It is well settled that the Fourth Amendment prohibition against unreasonable searches and seizures is applicable to commercial premises (e.g., Donovan v. Dewey, 452 U.S. 594, 598, 101 S.Ct. 2534, 2537, 69 L.Ed.2d 262, supra; Marshall v. Barlow's, Inc., 436 U.S. 307, 311-313, 98 S.Ct. 1816, 1819-1821, 56 L.Ed.2d 305; Michigan v. Tyler, 436 U.S. 499, 504-505, 98 S.Ct. 1942, 1947-1948, 56 L.Ed.2d 486; See v. City of Seattle, 387 U.S. 541, 545-546, 87 S.Ct. 1737, 1740-1741, 18 L.Ed.2d 943; Sokolov v. Village of Freeport, 52 N.Y.2d 341, 438 N.Y.S.2d 257, 420 N.E.2d 55; Matter of Glenwood TV v. Ratner, 103 A.D.2d 322, 327, 480 N.Y.S.2d 98, affd. 65 N.Y.2d 642, 491 N.Y.S.2d 620, 481 N.E.2d 252, appeal dismissed 474 U.S. 916, 106 S.Ct. 241, 88 L.Ed.2d 250). With respect to "certain carefully defined classes of cases" (Michigan v. Clifford, 464 U.S. 287, 292, & n. 2, 104 S.Ct. 641, 646, & n. 2, 78 L.Ed.2d 477) involving industries that are deemed "pervasively regulated", administrative searches are excepted from the general rule requiring warrants. In order to validate a warrantless administrative search, however, the commercial premises must be part of a pervasively regulated industry and the search itself must be part of a regulatory scheme designed to further an urgent State interest (e.g., Donovan v. Dewey, 452 U.S. 594, 599-600, 101 S.Ct. 2534, 2538-2539, 69 L.Ed.2d 262, supra; United States v. Biswell, 406 U.S. 311, 92 S.Ct. 1593, 32 L.Ed.2d 87, supra; Colonnade Catering Corp. v. United States, 397 U.S. 72, 90 S.Ct. 774, 25 L.Ed.2d 60, supra ). Also, the State's ability to conduct warrantless inspections must be essential to the effectuation of an administrative scheme (Donovan v. Dewey, 452 U.S. at pp. 600, 602-603, 101 S.Ct., at pp. 2538, 2539-2540, supra; United States v. Biswell, 406 U.S. at p. 316, 92 S.Ct., at p. 1596, supra; Bionic Auto Parts & Sales v. Fahner, 721 F.2d 1072, 1077).
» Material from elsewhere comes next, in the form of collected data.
(* For every $t\le0$, the limit $\lim_{n\to\infty}\frac1n\log\mathbb{E}\big(e^{tH_n}\big)$ exists.
   Context: Standing setup (discrete-time Hawkes process, DTHP). Let $(a_i)_{i=0}^\infty$ be a sequence of strictly positive real numbers with $\sum_{i=0}^\infty a_i<1$ and $\sum_{i=1}^\infty i\,a_i<\infty$. The arrival process $\{\xi_n\}_{n\ge1}$ is a sequence of $\{0,1\}$-valued random variables on a probability space $(\Omega,\mathcal F,\mathbb P)$ with $\mathbb{P}(\xi_1=1)=a_0$, $\mathbb P(\xi_1=0)=1-a_0$, and for $n\ge2$, $$\mathbb{P}(\xi_n=1\mid \xi_1,\dots,\xi_{n-1})=a_0+\sum_{i=1}^{n-1}a_{n-i}\xi_i,\qquad \mathbb{P}(\xi_n=0\mid \xi_1,\dots,\xi_{n-1})=1-\Big(a_0+\sum_{i=1}^{n-1}a_{n-i}\xi_i\Big).$$ The DTHP is $H_n=\sum_{i=1}^n\xi_i$, and $\mathcal F_n=\sigma(\xi_1,\dots,\xi_n)$. *)

From HB Require Import structures.
From mathcomp Require Import all_boot all_order all_algebra.
From mathcomp Require Import all_classical all_reals all_analysis.
Set Implicit Arguments. Unset Strict Implicit. Unset Printing Implicit Defensive.
Import Order.TTheory GRing.Theory Num.Theory.
Import numFieldNormedType.Exports.
Local Open Scope classical_set_scope.
Local Open Scope ring_scope.

(* Discrete-time Hawkes process.  Paper indexing is kept: the arrival
   variables are [xi 1], [xi 2], ...; [xi 0] is unused. *)

(* Conditional intensity of xi_{n+1} given (xi_1,...,xi_n) = (x 0,...,x (n-1)):
   a_0 + sum_{i=1}^{n} a_{n+1-i} xi_i. *)
Definition dthp_intensity (R : realType) (a : nat -> R) (n : nat)
  (x : {ffun 'I_n -> bool}) : R :=
  a 0%N + \sum_(i < n) a (n - i)%N * (x i)%:R.

Definition dthp_hist d (T : measurableType d) (xi : nat -> T -> bool) (n : nat)
  (x : {ffun 'I_n -> bool}) : set T :=
  [set w | forall i : 'I_n, xi i.+1 w = x i].
Definition open_cover (T : topologicalType) (U : set (set T)) : Prop :=
  (forall V, U V -> open V) /\ \bigcup_(V in U) V = setT.

Definition has_finite_subcover (T : topologicalType) (U : set (set T)) : Prop :=
  exists2 F : set (set T), F `<=` U & finite_set F /\ \bigcup_(V in F) V = setT.

Definition point_cofinite_cover (T : topologicalType) (S : set (set T)) : Prop :=
  open_cover S /\ infinite_set S /\
  (forall x : T, finite_set [set V | S V /\ ~ V x]).

Definition Hurewicz (T : topologicalType) : Prop :=
  forall U : nat -> set (set T),
    (forall n, open_cover (U n) /\ ~ has_finite_subcover (U n)) ->
    exists F : nat -> set (set T),
      (forall n, F n `<=` U n /\ finite_set (F n)) /\
      point_cofinite_cover (range (fun n => \bigcup_(V in F n) V)).

Definition power (X : topologicalType) (k : nat) : topologicalType :=
  {ptws 'I_k -> X}.

From mathcomp Require Import all_boot all_order all_algebra.
From mathcomp Require Import all_classical all_reals all_analysis.
From Stdlib Require Cantor.
Set Implicit Arguments. Unset Strict Implicit. Unset Printing Implicit Defensive.
Local Open Scope classical_set_scope.

(* Call h a G_delta hull if it assigns to each compact K a G_delta set
   h K containing K; in an Alster space countably many hulls h (K_n) cover.
   This property passes to continuous images, and to products: for compact
   K and L, Wallace's tube theorem fits a product of two G_delta sets
   around K x L inside h (K x L); fixing K and covering B by countably many
   of the second factors gives a G_delta set H_K containing K such that
   H_K x B is covered by countably many hulls, and covering A by countably
   many H_K finishes.  Hence all finite powers of an Alster space are
   Alster.  For the Hurewicz property, given open covers U_n without finite
   subcovers, take h K to be the intersection over n of the union of a
   finite F_n(K), a subfamily of U_n covering K; if h (K_j) cover the space,
   the unions of the F_n(K_j) over j <= n form a point-cofinite cover. *)

Lemma choice_in (I T : Type) (t0 : T) (D : set I) (P : I -> T -> Prop) :
  (forall i, D i -> exists x, P i x) -> exists f : I -> T, forall i, D i -> P i (f i).
Proof.
move=> DP; have [f Pf] : {f : I -> T & forall i, D i -> P i (f i)}.
  apply: (@choice _ _ (fun i x => D i -> P i x)) => i.
  have [/DP [x Px]|nDi] := pselect (D i); first by exists x.
  by exists t0 => /nDi.
by exists f.
Qed.

Lemma countable_nat_range T (D : set T) :
  countable D -> D !=set0 -> exists e : nat -> T, D = range e.
Proof. by move=> /pfcard_geP [-> /set0P/eqP//|/surjfunPex [e ->]]; exists e. Qed.

Lemma compact_finite_subcover (T : topologicalType) (K : set T) (U : set (set T)) :
  compact K -> (forall V, U V -> open V) -> K `<=` \bigcup_(V in U) V ->
  exists2 F, F `<=` U & finite_set F /\ K `<=` \bigcup_(V in F) V.
Proof.
move=> /compact_near_coveringP cK oU KU.
pose finsub := [set F | F `<=` U /\ finite_set F].
pose above F := [set F' | F `<=` F' /\ finsub F'].
have finsub_filter : Filter (filter_from finsub above).
  apply: filter_from_filter; first by exists set0; split; [|exact: finite_set0].
  move=> F1 F2 [F1U fF1] [F2U fF2]; exists (F1 `|` F2).
    by split; [move=> V [/F1U|/F2U]|rewrite finite_setU].
  by move=> F' [F12F' finF']; split; split=> // V ?; apply: F12F'; [left|right].
have [x Kx|F0 finF0] := cK _ _ (fun F x => (\bigcup_(V in F) V) x) finsub_filter.
  have [V UV Vx] := KU x Kx; exists (V, above [set V]).
    split; first by apply: open_nbhs_nbhs; split=> //; exact: oU.
    by exists [set V] => //; split; [move=> ? ->|exact: finite_set1].
  by move=> [y F] [/= Vy [VF _]]; exists V => //; apply: VF.
by move=> /(_ F0 (conj (@subset_refl _ F0) finF0)); exists F0; case: finF0.
Qed.

Lemma tube_over_compact (A B : topologicalType) (K : set A) (L : set B)
    (R : set (A * B)) : compact L ->
  (forall y, L y -> exists P M, [/\ open P, K `<=` P, open M, M y & P `*` M `<=` R]) ->
  exists P Q, [/\ open P, K `<=` P, open Q, L `<=` Q & P `*` Q `<=` R].
Proof.
move=> /compact_near_coveringP cL tubeL.
pose nbhsK := [set P | open P /\ K `<=` P].
pose below P := [set P' | nbhsK P' /\ P' `<=` P].
have nbhsK_filter : Filter (filter_from nbhsK below).
  apply: filter_from_filter; first by exists setT; split; [exact: openT|].
  move=> P1 P2 [oP1 KP1] [oP2 KP2]; exists (P1 `&` P2).
    by split; [exact: openI|move=> x Kx; split; [exact: KP1|exact: KP2]].
  by move=> P' [nP' P'P12]; split; split=> // x /P'P12[].
pose tube_at P y := exists2 M, open M /\ M y & P `*` M `<=` R.
have [y Ly|P0 [oP0 KP0]] := cL _ _ tube_at nbhsK_filter.
  have [P [M [oP KP oM My PMR]]] := tubeL y Ly; exists (M, below P).
    by split; [exact/open_nbhs_nbhs|exists P].
  move=> [y' P'] [/= My' [_ P'P]]; exists M => //.
  by move=> [a b] [/= /P'P Pa Mb]; apply: PMR.
move=> /(_ P0 (conj (conj oP0 KP0) (@subset_refl _ P0))) LP0.
pose Q := \bigcup_(M in [set M | open M /\ P0 `*` M `<=` R]) M.
exists P0, Q; split=> //.
- by apply: bigcup_open => M [].
- by move=> y /LP0 [M [oM My] P0MR]; exists M.
- by move=> [a b] [/= P0a [M [_ P0MR] Mb]]; apply: P0MR.
Qed.

Lemma wallace_tube (A B : topologicalType) (K : set A) (L : set B)
    (U : set (A * B)) : open U -> compact K -> compact L -> K `*` L `<=` U ->
  exists P Q, [/\ open P, K `<=` P, open Q, L `<=` Q & P `*` Q `<=` U].
Proof.
move=> oU cK cL KLU; apply: tube_over_compact => // y Ly.
have [|Q [P [oQ yQ oP KP QPU]]] :=
  @tube_over_compact B A [set y] K [set q | U (q.2, q.1)] cK; last first.
  by exists P, Q; split=> //; [exact: yQ|move=> [a b] [/= Pa Qb]; exact: (QPU (b, a))].
move=> x Kx; have : nbhs (x, y) U by apply: open_nbhs_nbhs; split=> //; exact: KLU.
move=> [[N1 N2] /= [N1x N2y] N12U].
exists N2°, N1°;
split; [exact: open_interior|by move=> _ ->|exact: open_interior|exact: N1x|].
by move=> [b a] [/= /interior_subset N2b /interior_subset N1a]; exact: (N12U (a, b)).
Qed.

Lemma Gdelta_preimage (A B : topologicalType) (f : A -> B) (G : set B) :
  continuous f -> Gdelta G -> Gdelta (f @^-1` G).
Proof.
move=> /continuousP cf [U [oU ->]].
by exists (fun n => f @^-1` U n); split; [move=> n; exact: cf|rewrite preimage_bigcap].
Qed.

Lemma Gdelta_bigcap2 (T : topologicalType) (U : nat -> nat -> set T) :
  (forall i n, open (U i n)) -> Gdelta (\bigcap_i \bigcap_n U i n).
Proof.
move=> oU; exists (fun m => U (Cantor.of_nat m).1 (Cantor.of_nat m).2).
split=> //; apply/seteqP; split=> [x Ux m _|x Ux i _ n _]; first exact: Ux.
by have := Ux (Cantor.to_nat (i, n)) I; rewrite Cantor.cancel_of_to.
Qed.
Finally, the inspection must be authorized by a valid statute that is carefully limited in time, place and scope (e.g., Donovan v. Dewey, 452 U.S. at pp. 603-604, 101 S.Ct., at pp. 2540-2541; United States v. Biswell, 406 U.S. at pp. 315-316, 92 S.Ct., at p. 1596).

The Supreme Court has distinguished valid administrative inspections from searches that are used to obtain evidence of criminality (see, e.g., Donovan v. Dewey, 452 U.S. 594, 598, & n. 6, 101 S.Ct. 2534, 2537, & n. 6, 69 L.Ed.2d 262, supra; Camara v. Municipal Ct., 387 U.S. 523, 530, 535, 87 S.Ct. 1727, 1731, 1734, 18 L.Ed.2d 930; see also, Michigan v. Tyler, 436 U.S. 499, 504-506, 98 S.Ct. 1942, 1947-1948, 56 L.Ed.2d 486, supra ). In short, an administrative search must serve an administrative purpose; when designed instead to uncover evidence of a...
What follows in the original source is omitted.